- _EXERCISE INSTRUCTIONS_
Every line with the string "path" in it belongs in your answer, so copy them all from the data.
**** DATA EXTRACTS
(* Let $T$ be a tree with a vertex of degree $d$. For any $s\ge 1$, any straight-line drawing of $T$ with spanning ratio at most $s$ has edge-length ratio in $2^{\Omega(d/s^2)}$.
   Context: A straight-line drawing maps vertices to distinct points and edges to straight-line segments. In a straight-line drawing $\Gamma$, $\pi_\Gamma(u,v)$ is the minimum total Euclidean length of a path between $u$ and $v$, $\|uv\|_\Gamma$ is their Euclidean distance, and the spanning ratio is $\max_{u\neq v}\pi_\Gamma(u,v)/\|uv\|_\Gamma$. The edge-length ratio is the ratio between the lengths of the longest and shortest edges. The $\Omega$ notation hides an absolute constant (independent of $T$, $d$, $s$). *)

From HB Require Import structures.
From mathcomp Require Import all_boot all_order all_algebra.
From mathcomp Require Import reals exp.
Set Implicit Arguments. Unset Strict Implicit. Unset Printing Implicit Defensive.
Import Order.TTheory GRing.Theory Num.Theory.
Local Open Scope ring_scope.

Section Drawings.
Variable R : realType.
Variable V : finType.

Definition simple_graph (e : rel V) : Prop :=
  symmetric e /\ irreflexive e.

Definition is_tree (e : rel V) : Prop :=
  [/\ simple_graph e,
      (forall u v : V, connect e u v) &
      (forall p : seq V, uniq p -> (3 <= size p)%N -> ~~ cycle e p)].

Definition degree (e : rel V) (v : V) : nat := #|[set u | e v u]|.

Definition point := (R * R)%type.
Definition dist (p q : point) : R :=
  Num.sqrt ((p.1 - q.1) ^+ 2 + (p.2 - q.2) ^+ 2).

Definition straight_line_drawing (P : V -> point) : Prop := injective P.

Fixpoint walk_len (P : V -> point) (x : V) (p : seq V) : R :=
  match p with
  | [::] => 0
  | y :: q => dist (P x) (P y) + walk_len P y q
  end.

(* Spanning ratio of the drawing is at most s:
   for all u <> v, pi(u,v) <= s * ||uv||, where pi(u,v) is the minimum
   length of a u-v path in the graph (the minimum is attained, so this
   says some u-v path has length <= s * ||uv||). *)
Definition spanning_ratio_le (e : rel V) (P : V -> point) (s : R) : Prop :=
  forall u v : V, u != v ->
    exists p : seq V, [/\ path e u p, last u p = v &
                          walk_len P u p <= s * dist (P u) (P v)].

Definition edge_len (P : V -> point) (x : V * V) : R := dist (P x.1) (P x.2).

Definition max_edge_len (e : rel V) (P : V -> point) : R :=
  \big[Num.max/0]_(x : V * V | e x.1 x.2) edge_len P x.

Definition min_edge_len (e : rel V) (P : V -> point) : R :=
  \big[Num.min/max_edge_len e P]_(x : V * V | e x.1 x.2) edge_len P x.

Definition edge_length_ratio (e : rel V) (P : V -> point) : R :=
  max_edge_len e P / min_edge_len e P.

End Drawings.

From HB Require Import structures.
From mathcomp Require Import all_boot all_order all_algebra.
From mathcomp Require Import reals exp.
From mathcomp Require Import ring lra.
Set Implicit Arguments. Unset Strict Implicit. Unset Printing Implicit Defensive.
Import Order.TTheory GRing.Theory Num.Theory.
Local Open Scope ring_scope.

(* Let m and M be the shortest and longest edge lengths.  Every neighbour u of
   the vertex v lies at distance between m and M from v, hence in one of about
   log2 (M / m) dyadic shells 2^j m <= |vu| < 2^(j+1) m.  As T is a tree, the
   path between two neighbours u1, u2 goes through v, so the spanning ratio
   gives |vu1| + |vu2| <= s |u1u2|: two neighbours in shell j are at least
   2^(j+1) m / s apart.  A grid of O(s^2) square cells of side 2^j m / s covers
   the disc of radius 2^(j+1) m around v and each cell contains at most one of
   them.  Hence d = O(s^2 log (M / m)), i.e. M / m >= 2^(Omega(d / s^2)). *)

Section EuclideanDistance.
Variable R : realType.
Implicit Types p q r : point R.

Lemma dist_ge0 p q : 0 <= dist p q.
Proof. exact: sqrtr_ge0. Qed.

Lemma sqr_dist p q : dist p q ^+ 2 = (p.1 - q.1) ^+ 2 + (p.2 - q.2) ^+ 2.
Proof. by rewrite /dist sqr_sqrtr // addr_ge0 ?sqr_ge0. Qed.

Lemma distC p q : dist p q = dist q p.
Proof. by rewrite /dist -sqrrN opprB -[(p.2 - q.2) ^+ 2]sqrrN opprB. Qed.

Lemma dist_gt0 p q : p != q -> 0 < dist p q.
Proof.
case: p q => [p1 p2] [q1 q2] neq_pq; rewrite sqrtr_gt0 /=.
rewrite lt_neqAle addr_ge0 ?sqr_ge0 // andbT eq_sym paddr_eq0 ?sqr_ge0 //.
rewrite !sqrf_eq0 !subr_eq0.
by apply: contra neq_pq => /andP[/eqP -> /eqP ->]; exact: eqxx.
Qed.

Lemma norm_sub1_le_dist p q : `|p.1 - q.1| <= dist p q.
Proof. by rewrite -sqrtr_sqr ler_wsqrtr // lerDl sqr_ge0. Qed.

Lemma norm_sub2_le_dist p q : `|p.2 - q.2| <= dist p q.
Proof. by rewrite -sqrtr_sqr ler_wsqrtr // lerDr sqr_ge0. Qed.

Lemma cauchy_schwarz2 (x1 y1 x2 y2 : R) :
  x1 * x2 + y1 * y2 <=
  Num.sqrt (x1 ^+ 2 + y1 ^+ 2) * Num.sqrt (x2 ^+ 2 + y2 ^+ 2).
Proof.
rewrite -sqrtrM ?addr_ge0 ?sqr_ge0 //; apply: le_trans (ler_norm _) _.
rewrite -sqrtr_sqr ler_wsqrtr //.
have lagrange : (x1 ^+ 2 + y1 ^+ 2) * (x2 ^+ 2 + y2 ^+ 2) =
  (x1 * x2 + y1 * y2) ^+ 2 + (x1 * y2 - x2 * y1) ^+ 2 by ring.
by rewrite lagrange lerDl sqr_ge0.
Qed.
********
- _WORKED SOLUTION_
   Context: A straight-line drawing maps vertices to distinct points and edges to straight-line segments. In a straight-line drawing $\Gamma$, $\pi_\Gamma(u,v)$ is the minimum total Euclidean length of a path between $u$ and $v$, $\|uv\|_\Gamma$ is their Euclidean distance, and the spanning ratio is $\max_{u\neq v}\pi_\Gamma(u,v)/\|uv\|_\Gamma$. The edge-length ratio is the ratio between the lengths of the longest and shortest edges. The $\Omega$ notation hides an absolute constant (independent of $T$, $d$, $s$). *)
   length of a u-v path in the graph (the minimum is attained, so this
   says some u-v path has length <= s * ||uv||). *)
    exists p : seq V, [/\ path e u p, last u p = v &
   path between two neighbours u1, u2 goes through v, so the spanning ratio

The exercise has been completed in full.